### Dataset entries
(* Let $F_k$ denote the Fibonacci numbers ($F_0=0$, $F_1=1$, $F_{k+2}=F_k+F_{k+1}$). For all integers $i,j$ for which all indices below are nonnegative, $\gcd(F_{i-1}+F_{j+1},\,F_i-F_j)=\gcd(F_{i-3}+F_{j+3},\,F_{i-2}-F_{j+2})$. *)

From mathcomp Require Import all_boot all_order all_algebra.
Set Implicit Arguments. Unset Strict Implicit. Unset Printing Implicit Defensive.
Import Order.TTheory GRing.Theory Num.Theory.

Fixpoint fib (k : nat) : nat :=
  match k with
  | 0 => 0
  | 1 => 1
  | (k'.+1 as k1).+1 => fib k' + fib k1
  end.

From mathcomp Require Import all_boot all_order all_algebra.
From mathcomp Require Import ring.
Import Order.TTheory GRing.Theory Num.Theory.
Local Open Scope ring_scope.

(* The right-hand pair is the image of the left-hand one under the integer
   map (a, b) |-> (2a - b, b - a), which has determinant one and so preserves
   gcds; checking this needs only the Fibonacci recurrence. *)

Lemma gcdz_unimodular (a b : int) : gcdz a b = gcdz (2 * a - b) (b - a).
Proof.
have -> : gcdz a b = gcdz a (b - a).
  by rewrite -(gcdzMDl 1 a (b - a)) mul1r addrC subrK.
rewrite [RHS]gcdzC -(gcdzMDl 1 (b - a) (2 * a - b)) gcdzC.
by congr gcdz; ring.
Qed.

Lemma fibSSz (k : nat) : (fib k.+2)%:Z = (fib k)%:Z + (fib k.+1)%:Z.
Proof. by rewrite -PoszD. Qed.

Theorem lemma2p3p1 (i j : nat) (hi : (3 <= i)%N) :
  gcdz ((fib i.-1)%:Z + (fib j.+1)%:Z) ((fib i)%:Z - (fib j)%:Z)
  = gcdz ((fib (i - 3))%:Z + (fib j.+3)%:Z) ((fib (i - 2))%:Z - (fib j.+2)%:Z).
Proof.
case: i hi => [|[|[|k]]] // _.
rewrite !subSS !subn0 [k.+3.-1]/= gcdz_unimodular.
by congr gcdz; rewrite !fibSSz; ring.
Qed.
Definition cube (c : pt) (l : R) : set pt :=
  [set x | forall i, c i <= x i <= c i + l].

Definition cube_boundary (c : pt) (l : R) : set pt :=
  [set x | cube c l x /\ exists i, x i = c i \/ x i = c i + l].

Definition child_corner (c : pt) (l : R) (eps : 'I_d -> bool) : pt :=
  fun i => c i + (eps i)%:R * (l / 2).

Definition skeleton (c : pt) (l : R) : set pt :=
  [set x | exists eps : 'I_d -> bool, cube_boundary (child_corner c l eps) (l / 2) x].

(* (c, l) is a cube of the dyadic system D(omega) obtained from omega + Q_*,
   where Q_* is the unit cube with lower corner q *)
Definition dyadic (q omega : pt) (c : pt) (l : R) : Prop :=
  exists (k : nat) (j : 'I_d -> nat),
    (forall i, (j i < 2 ^ k)%N) /\ l = (2 ^+ k)^-1 /\
    forall i, c i = q i + omega i + (j i)%:R * (2 ^+ k)^-1.

Definition bad (q omega : pt) (r : int) (alpha : R) (c : pt) (l : R) : Prop :=
  exists (c' : pt) (l' : R), dyadic q omega c' l' /\
    (2 : R) `^ (r%:~R) * l <= l' /\
    set_dist (cube c l) (skeleton c' l') < l `^ alpha * l' `^ (1 - alpha).

Definition Omega : set pt := [set w | forall i, - (40%:R)^-1 < w i <= (40%:R)^-1].

Definition box (a b : pt) : set pt := [set x | forall i, a i <= x i <= b i].
Definition box_vol (a b : pt) : R := \prod_(i < d) Num.max (b i - a i) 0.

Definition lebesgue_outer (A : set pt) : \bar R :=
  ereal_inf [set s | exists (a b : nat -> pt),
     A `<=` \bigcup_k box (a k) (b k) /\
     s = (\sum_(0 <= k <oo) (box_vol (a k) (b k))%:E)%E].

(* normalized Lebesgue measure on Omega (|Omega| = 20^-d) *)
Definition Prob (A : set pt) : \bar R :=
  (((20%:R : R) ^+ d)%:E * lebesgue_outer (A `&` Omega))%E.

End Defs.

(* Let Q have side 2^-k and let R in D(w), of side 2^-k' with k' <= k - r, witness
   that Q is bad.  The faces orthogonal to e_j of the children of R lie on the
   hyperplanes x_j = q_j + w_j + N 2^(-k'-1), 0 <= N <= 2^(k'+1), so
   dist(Q, sk R) < l(Q)^a l(R)^(1-a) confines w_j to one of 2^(k'+1) + 1 slabs of
   width l(Q) + 2 l(Q)^a l(R)^(1-a).  For i = k - k' these slabs have normalized
   measure at most 180 * 2^(-a i) in total; summing over j and i >= r bounds the
   probability by 180 d 2^(-a r) / (1 - 2^(-a)) <= C delta^(a S), and S = 3/a makes
   this at most delta^2 for small delta.  Nothing about the fixed grid is used, which
   gives both halves of the statement at once. *)

From Pilot Require Import Defs.
From HB Require Import structures.
From mathcomp Require Import all_boot all_order all_algebra.
From mathcomp Require Import all_classical all_reals all_analysis.
From mathcomp Require Import ring lra zify.
Set Implicit Arguments. Unset Strict Implicit. Unset Printing Implicit Defensive.
Import Order.TTheory GRing.Theory Num.Theory.
Local Open Scope classical_set_scope.
Local Open Scope ring_scope.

### TASK GOAL
Using only the entries above, output the line with "match k with", the line with "set_dist (cube c", and all lines between them, exactly as they stand.

### RESPONSE AREA
  match k with
  | 0 => 0
  | 1 => 1
  | (k'.+1 as k1).+1 => fib k' + fib k1
  end.

From mathcomp Require Import all_boot all_order all_algebra.
From mathcomp Require Import ring.
Import Order.TTheory GRing.Theory Num.Theory.
Local Open Scope ring_scope.

(* The right-hand pair is the image of the left-hand one under the integer
   map (a, b) |-> (2a - b, b - a), which has determinant one and so preserves
   gcds; checking this needs only the Fibonacci recurrence. *)

Lemma gcdz_unimodular (a b : int) : gcdz a b = gcdz (2 * a - b) (b - a).
Proof.
have -> : gcdz a b = gcdz a (b - a).
  by rewrite -(gcdzMDl 1 a (b - a)) mul1r addrC subrK.
rewrite [RHS]gcdzC -(gcdzMDl 1 (b - a) (2 * a - b)) gcdzC.
by congr gcdz; ring.
Qed.

Lemma fibSSz (k : nat) : (fib k.+2)%:Z = (fib k)%:Z + (fib k.+1)%:Z.
Proof. by rewrite -PoszD. Qed.

Theorem lemma2p3p1 (i j : nat) (hi : (3 <= i)%N) :
  gcdz ((fib i.-1)%:Z + (fib j.+1)%:Z) ((fib i)%:Z - (fib j)%:Z)
  = gcdz ((fib (i - 3))%:Z + (fib j.+3)%:Z) ((fib (i - 2))%:Z - (fib j.+2)%:Z).
Proof.
case: i hi => [|[|[|k]]] // _.
rewrite !subSS !subn0 [k.+3.-1]/= gcdz_unimodular.
by congr gcdz; rewrite !fibSSz; ring.
Qed.
Definition cube (c : pt) (l : R) : set pt :=
  [set x | forall i, c i <= x i <= c i + l].

Definition cube_boundary (c : pt) (l : R) : set pt :=
  [set x | cube c l x /\ exists i, x i = c i \/ x i = c i + l].

Definition child_corner (c : pt) (l : R) (eps : 'I_d -> bool) : pt :=
  fun i => c i + (eps i)%:R * (l / 2).

Definition skeleton (c : pt) (l : R) : set pt :=
  [set x | exists eps : 'I_d -> bool, cube_boundary (child_corner c l eps) (l / 2) x].

(* (c, l) is a cube of the dyadic system D(omega) obtained from omega + Q_*,
   where Q_* is the unit cube with lower corner q *)
Definition dyadic (q omega : pt) (c : pt) (l : R) : Prop :=
  exists (k : nat) (j : 'I_d -> nat),
    (forall i, (j i < 2 ^ k)%N) /\ l = (2 ^+ k)^-1 /\
    forall i, c i = q i + omega i + (j i)%:R * (2 ^+ k)^-1.

Definition bad (q omega : pt) (r : int) (alpha : R) (c : pt) (l : R) : Prop :=
  exists (c' : pt) (l' : R), dyadic q omega c' l' /\
    (2 : R) `^ (r%:~R) * l <= l' /\
    set_dist (cube c l) (skeleton c' l') < l `^ alpha * l' `^ (1 - alpha).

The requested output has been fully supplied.